Both options automatically push the image to the registry specified.

WARNING: The Kubeflow Fairing API does not set the Docker image's entrypoint or command. You can check that neither the ENTRYPOINT nor the CMD is not set with docker inspect on your local machine. This means that you have to add the command you want to run to your Kubernetes resource specification (YAML)! Without this modification to the YAML, your pods will fail to run their containerized workloads. You can do this by adding the key command above the args specification:

containers:
  - name: <name>
    image: <docker-image-built-with-kubeflow-fairing>
    command:
      - python
      - -u
      - mnist.py
    args:
      - --epochs
      - "7"
    ...

Option 1: Build-Push-Run

Multiple input files (e.g. a trainer and utilities) can be provided in the input_files list. There can be only one executable file. Within command you must include all the mandatory arguments (i.e. epochs):

from kubeflow import fairing
import glob

fairing.config.set_preprocessor(
    "python",
    command=["python", "-u", "mnist.py", "--epochs", str(EPOCHS)],
    input_files=["mnist.py"] + glob.glob("datasets/**", recursive=True),
    path_prefix="/",
    executable="mnist.py",
)
fairing.config.set_builder(
    name="cluster",
    registry=REGISTRY,
    base_image=BASE_IMAGE,
    image_name=IMAGE_NAME,
    context_source=minio_context_source,
)

TensorFlow

The primary configuration options are the chief and worker counts, but feel free to peruse all available parameters of the tfjob deployer.

If your model code is based on PyTorch, please skip this section!

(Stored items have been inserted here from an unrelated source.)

(** * Normal forms *)

Lemma normal_form_cases t : lc t -> reduce t = None ->
  valueb t = true \/ (exists F b, split_control t = Some (F, b)) \/
  (exists E x v, eval_ctx E /\ is_value v /\ t = plug E (App (FVar x) v)).
Proof.
  unfold lc. induction t; simpl; intros Hl Hr; auto.
  - apply andb_true_iff in Hl as [H1 H2].
    destruct (reduce_app_none _ _ Hr) as [R1 Hb].
    destruct (IHt1 H1 R1) as [V1|[(F & b & C1)|(E & x & v & HE & Hv & ->)]].
    + destruct (Hb V1) as [R2 Hnot_lam].
      rewrite (split_control_value _ V1), V1.
      destruct (IHt2 H2 R2) as [V2|[(F & b & C2)|(E & x & v & HE & Hv & ->)]].
      * destruct t1; try discriminate.
        -- right; right. exists Hole, a, t2. simpl. rewrite <- valueb_spec. auto.
        -- exfalso; apply (Hnot_lam V2 t1 eq_refl).
      * rewrite C2. right; left; eauto.
      * right; right. exists (CAppR t1 E), x, v. simpl. rewrite <- valueb_spec. auto.
    + rewrite C1. right; left; eauto.
    + right; right. exists (CAppL E t2), x, v. simpl. auto.
  - right; left; eauto.
  - destruct (reduce_reset_none _ Hr) as (R & V & C).
    destruct (IHt Hl R) as [V'|[(F & b & C')|(E & x & v & HE & Hv & ->)]];
      [congruence|congruence|].
    right; right. exists (CReset E), x, v. simpl. auto.
Qed.

Lemma valueb_plug_var_app E x v : valueb (plug E (App (FVar x) v)) = false.
Proof. destruct E; reflexivity. Qed.

Lemma adm_open_stuck s s' E x v : adm s s' -> reduce s' = None ->
  eval_ctx E -> is_value v -> s = plug E (App (FVar x) v) ->
  exists E' v', eval_ctx E' /\ is_value v' /\ s' = plug E' (App (FVar x) v') /\
    adm_ctx E E' /\ adm v v'.
Proof.
  intros H; revert E; induction H as [| | | a b a' b' Ha IHa Hb IHb| |a a' Ha IHa
                                     |z a a' Ha IHa|a a' Ha IHa|w w' Hw]; intros E0 Hr HE Hv Heq;
    try (destruct E0; discriminate).
  - destruct (reduce_app_none _ _ Hr) as [Ra' Hb'].
    destruct E0 as [|w E1|E1 c|E1]; simpl in Heq; try discriminate; injection Heq as -> ->.
    + assert (Va' : valueb a' = true) by (rewrite <- (adm_valueb _ _ Ha Ra'); auto).
      rewrite (adm_fvar_inv _ _ Ha Va') in *.
      destruct (Hb' eq_refl) as [Rb' _].
      exists Hole, b'. simpl. repeat split; auto; [|constructor].
      rewrite <- valueb_spec, <- (adm_valueb _ _ Hb Rb'), valueb_spec. auto.
    + destruct HE as [Hw HE1].
      assert (Va' : valueb a' = true)
        by (rewrite <- (adm_valueb _ _ Ha Ra'); apply valueb_spec; auto).
      destruct (IHb E1 (proj1 (Hb' Va')) HE1 Hv eq_refl)
        as (E' & v' & HE' & Hv' & -> & HEE & Hvv).
      exists (CAppR a' E'), v'. simpl. rewrite <- valueb_spec.
      repeat split; auto. constructor; auto.
    + destruct (IHa E1 Ra' HE Hv eq_refl) as (E' & v' & HE' & Hv' & -> & HEE & Hvv).
      exists (CAppL E' b'), v'. simpl. repeat split; auto. constructor; auto.
  - destruct (reduce_reset_none _ Hr) as (Ra' & _ & _).
    destruct E0 as [|w E1|E1 c|E1]; simpl in Heq; try discriminate; injection Heq as ->.
    destruct (IHa E1 Ra' HE Hv eq_refl) as (E' & v' & HE' & Hv' & -> & HEE & Hvv).
    exists (CReset E'), v'. simpl. repeat split; auto. constructor; auto.
  - destruct (reduce_reset_none _ Hr) as (Ra' & _ & _).
    destruct (reduce_app_none _ _ Ra') as [_ Hb']. destruct (Hb' eq_refl) as [Ra'' Hnot_lam].
    destruct E0 as [|w E1|E1 c|E1]; simpl in Heq; try discriminate; injection Heq as Heq.
    destruct E1 as [|w E2|E2 c|E2]; simpl in Heq; try discriminate.
    + injection Heq as <- ->. exfalso.
      apply (Hnot_lam (eq_trans (eq_sym (adm_valueb _ _ Ha Ra''))
                                (proj2 (valueb_spec _) Hv)) _ eq_refl).
    + injection Heq as <- Heq. destruct HE as [_ HE2].
      destruct (IHa E2 Ra'' HE2 Hv Heq) as (E' & v' & HE' & Hv' & -> & HEE & Hvv).
      exists (CReset (CAppR (eta_kont z) E')), v'. simpl. repeat split; auto.
      apply adm_ceta; auto.
    + injection Heq as Heq _. destruct E2; discriminate.
  - destruct (reduce_reset_none _ Hr) as (Ra' & _ & _).
    destruct (reduce_reset_none _ Ra') as (Ra'' & _ & _).
    destruct E0 as [|w E1|E1 c|E1]; simpl in Heq; try discriminate; injection Heq as ->.
    destruct (IHa E1 Ra'' HE Hv eq_refl) as (E' & v' & HE' & Hv' & -> & HEE & Hvv).
    exists (CReset (CReset E')), v'. simpl. repeat split; auto. apply adm_creset_reset; auto.
  - subst. rewrite valueb_plug_var_app in Hw. discriminate.
Qed.
Definition deg (T : finType) (adj : rel T) (x : T) : nat :=
  #|[set z | adj x z]|.

Definition codeg (T : finType) (adj : rel T) (x y : T) : nat :=
  #|[set z | adj x z && adj y z]|.

(* Average degree 2 e(H) / |V(H)| of the graph with vertex set S and
   adjacency relation adj (edges assumed inside S); 2 e(H) is the number of
   ordered adjacent pairs. Equals 0 when S is empty. *)
Definition avg_deg (R : realType) (T : finType) (S : {set T}) (adj : rel T) : R :=
  (#|[set p : T * T | adj p.1 p.2]|%:R / #|S|%:R)%R.

Definition subgraph (T : finType) (adj : rel T) (S : {set T}) (F : rel T) : Prop :=
  symmetric F /\ (forall x y, F x y -> [&& adj x y, x \in S & y \in S]).

Definition C4_free (T : finType) (F : rel T) : Prop :=
  forall a b c d : T, uniq [:: a; b; c; d] ->
    ~ [&& F a b, F b c, F c d & F d a].

From HB Require Import structures.
From mathcomp Require Import all_boot all_order all_algebra.
From mathcomp Require Import all_classical all_reals all_analysis.
From mathcomp Require Import ring lra.
Import Order.TTheory GRing.Theory Num.Theory.
Local Open Scope ring_scope.
Set Implicit Arguments. Unset Strict Implicit. Unset Printing Implicit Defensive.

(* Orient every edge of G from A to B and keep each arc independently with
   probability p = d^(-2/5) / 2.  A 4-cycle of G is a "rectangle" {a, c} x {b, d}
   of arcs; the degree and codegree bounds allow at most d^(6/5) e(G) of them, so
   the expected number p^4 d^(6/5) e(G) of surviving rectangles is at most an
   eighth of the expected number p e(G) of surviving arcs.  Deleting one arc from
   every surviving rectangle leaves a C4-free graph with at least (7/8) p e(G)
   edges, i.e. of average degree at least (7/32) d^(7/20) >= d^(1/4). *)

Lemma natr_card_sep (R : pzSemiRingType) (I : finType) (A : {pred I}) (P : pred I) :
  #|[set i in A | P i]|%:R = \sum_(i in A) (P i)%:R :> R.
Proof.
rewrite -sum1_card natr_sum (eq_bigl (fun i => (i \in A) && P i)) => [|i].
  by rewrite big_mkcondr; apply: eq_bigr => i _; case: (P i).
by rewrite inE.
Qed.

Lemma prod_natr_bool (R : comPzSemiRingType) (I : finType) (A : {pred I}) (P : pred I) :
  \prod_(i in A) (P i)%:R = [forall i in A, P i]%:R :> R.
Proof.
case: (boolP [forall i in A, P i]) => [/forall_inP allP | /forall_inPn [i iA nPi]].
  by rewrite big1 // => i /allP ->.
by rewrite (bigD1 i) //= (negbTE nPi) mul0r.
Qed.
(* Let $\theta\in[0,\frac\pi2]$ and let $\Omega_\theta\subset\mathbb{R}^2$ be a simply connected open set on which $\cos\theta\cosh u+\sin\theta\cos v\neq0$ (e.g. $\Omega_\theta=\mathbb{R}^2$ for $\theta\in[0,\frac\pi4)$). Define on $\Omega_\theta$, with $z=u+iv$, $$h(z)=e^{iz},\quad \mathcal{M}_\theta=\cos\theta\,\sinh u\sin u-\sin\theta\,\cos u\cos v,\quad \mathcal{N}_\theta=e^{v}\left(\cos\theta\cosh u+\sin\theta\sin v\right).$$ Then: (i) $(h,\mathcal{M}_\theta,\mathcal{N}_\theta)$ is a Weierstrass data of the second kind on $\Omega_\theta$; (ii) the map $\mathbf{X}_\theta:=\cos\theta\,\mathbf{X}_0+\sin\theta\,\mathbf{X}_{\pi/2}$, where $$\mathbf{X}_0(u,v)=(\sinh u\sin u,\ \sinh u\cos u,\ \cosh u\sinh v,\ \cosh u\cosh v)^T,\quad \mathbf{X}_{\pi/2}(u,v)=(-\cos u\cos v,\ \sin u\cos v,\ \cosh v\sin v,\ \sinh v\sin v)^T,$$ satisfies $(\mathbf{X}_\theta)_z=(\mathcal{M}_\theta)_z(1,-i,-h,h)^T+(\mathcal{N}_\theta)_z\big(0,ih,\tfrac12(1+h^2),\tfrac12(1-h^2)\big)^T$, and is a conformal spacelike immersion of $\Omega_\theta$ into $\mathbb{L}^4$ with induced metric $(\cos\theta\cosh u+\sin\theta\cos v)^2(du^2+dv^2)$; (iii) the mean curvature vector of $\mathbf{X}_\theta$ is null and vanishes nowhere on $\Omega_\theta$; (iv) $\mathbf{X}_\theta(\Omega_\theta)$ lies in the hypersurface $x_1^2+x_2^2+x_3^2-x_4^2=-\cos(2\theta)$.
   Context: $z=u+iv$, $\partial_z=\frac12(\partial_u-i\partial_v)$, $\partial_{\overline z}=\frac12(\partial_u+i\partial_v)$. $\mathbb{L}^4$ is $\mathbb{R}^4$ with the Lorentzian metric $\langle x,y\rangle=x_1y_1+x_2y_2+x_3y_3-x_4y_4$. For a conformal spacelike immersion $\mathbf{X}$ with induced metric $\Lambda(du^2+dv^2)$, the mean curvature vector is $\mathbf{H}=\frac{1}{\Lambda}(\mathbf{X}_{uu}+\mathbf{X}_{vv})$. A Weierstrass data of the second kind on $\Omega$ is a triple $(h,\mathcal{M},\mathcal{N})$ where $h:\Omega\to\mathbb{C}\setminus\{0\}$ and $\mathcal{M},\mathcal{N}:\Omega\to\mathbb{R}$ are $\mathcal{C}^2$, satisfying $h_{\overline z}=0$, $\mathcal{M}_{z\overline z}=(\mathrm{Re}\,h)\,\mathcal{N}_{z\overline z}$, and $\mathcal{M}_z-(\mathrm{Re}\,h)\,\mathcal{N}_z\neq0$ at every point of $\Omega$. *)

From Stdlib Require Import Reals.
From Coquelicot Require Export Coquelicot.
Open Scope R_scope.

Definition Pu (f : R -> R -> R) (u v : R) : R := Derive (fun t => f t v) u.
Definition Pv (f : R -> R -> R) (u v : R) : R := Derive (fun t => f u t) v.

Definition cont2 (f : R -> R -> R) (u v : R) : Prop :=
  continuous (fun p : R * R => f (fst p) (snd p)) (u, v).

Definition C1_on (Om : R * R -> Prop) (f : R -> R -> R) : Prop :=
  forall u v, Om (u, v) ->
    ex_derive (fun t => f t v) u /\ ex_derive (fun t => f u t) v /\
    cont2 f u v /\ cont2 (Pu f) u v /\ cont2 (Pv f) u v.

fairing.config.set_deployer(
    name="tfjob",
    worker_count=2,
    chief_count=1,
    pod_spec_mutators=POD_SPEC_MUTATORS,
    stream_log=False,
)

fairing.config.run()

PyTorch

The main configuration options are the master and worker counts, but you can see all options of the pytorchjob deployer.

If your model code is based on TensorFlow, please skip this section!

fairing.config.set_deployer(
    name="pytorchjob",
    worker_count=2,
    master_count=1,
    pod_spec_mutators=POD_SPEC_MUTATORS,
)

fairing.config.run()

Option 2: Build-and-Push

You can ‘just’ build a Docker image, that is, without running it by plugging it into a Kubeflow Fairing workflow, with the following snippet.

from kubeflow.fairing.builders import cluster
from kubeflow.fairing.preprocessors import base as base_preprocessor
import glob

preprocessor = base_preprocessor.BasePreProcessor(
    input_files=["mnist.py"] + glob.glob("datasets/**", recursive=True), path_prefix="/", executable="mnist.py"
)

cluster_builder = cluster.cluster.ClusterBuilder(
    registry=REGISTRY,
    base_image=BASE_IMAGE,
    preprocessor=preprocessor,
    image_name=IMAGE_NAME,
    context_source=minio_context_source,
)

cluster_builder.build()
image_tag = cluster_builder.image_tag
print(f"Published Docker image with tag: {image_tag}")

Since the image is not run immediately, there is no need to specify a deployer. That is done with a YAML specification. Leave out the command in the preprocessor, since Kubeflow Fairing does not set the entrypoint or executable command in the Docker image. You have to manually do that in the specification.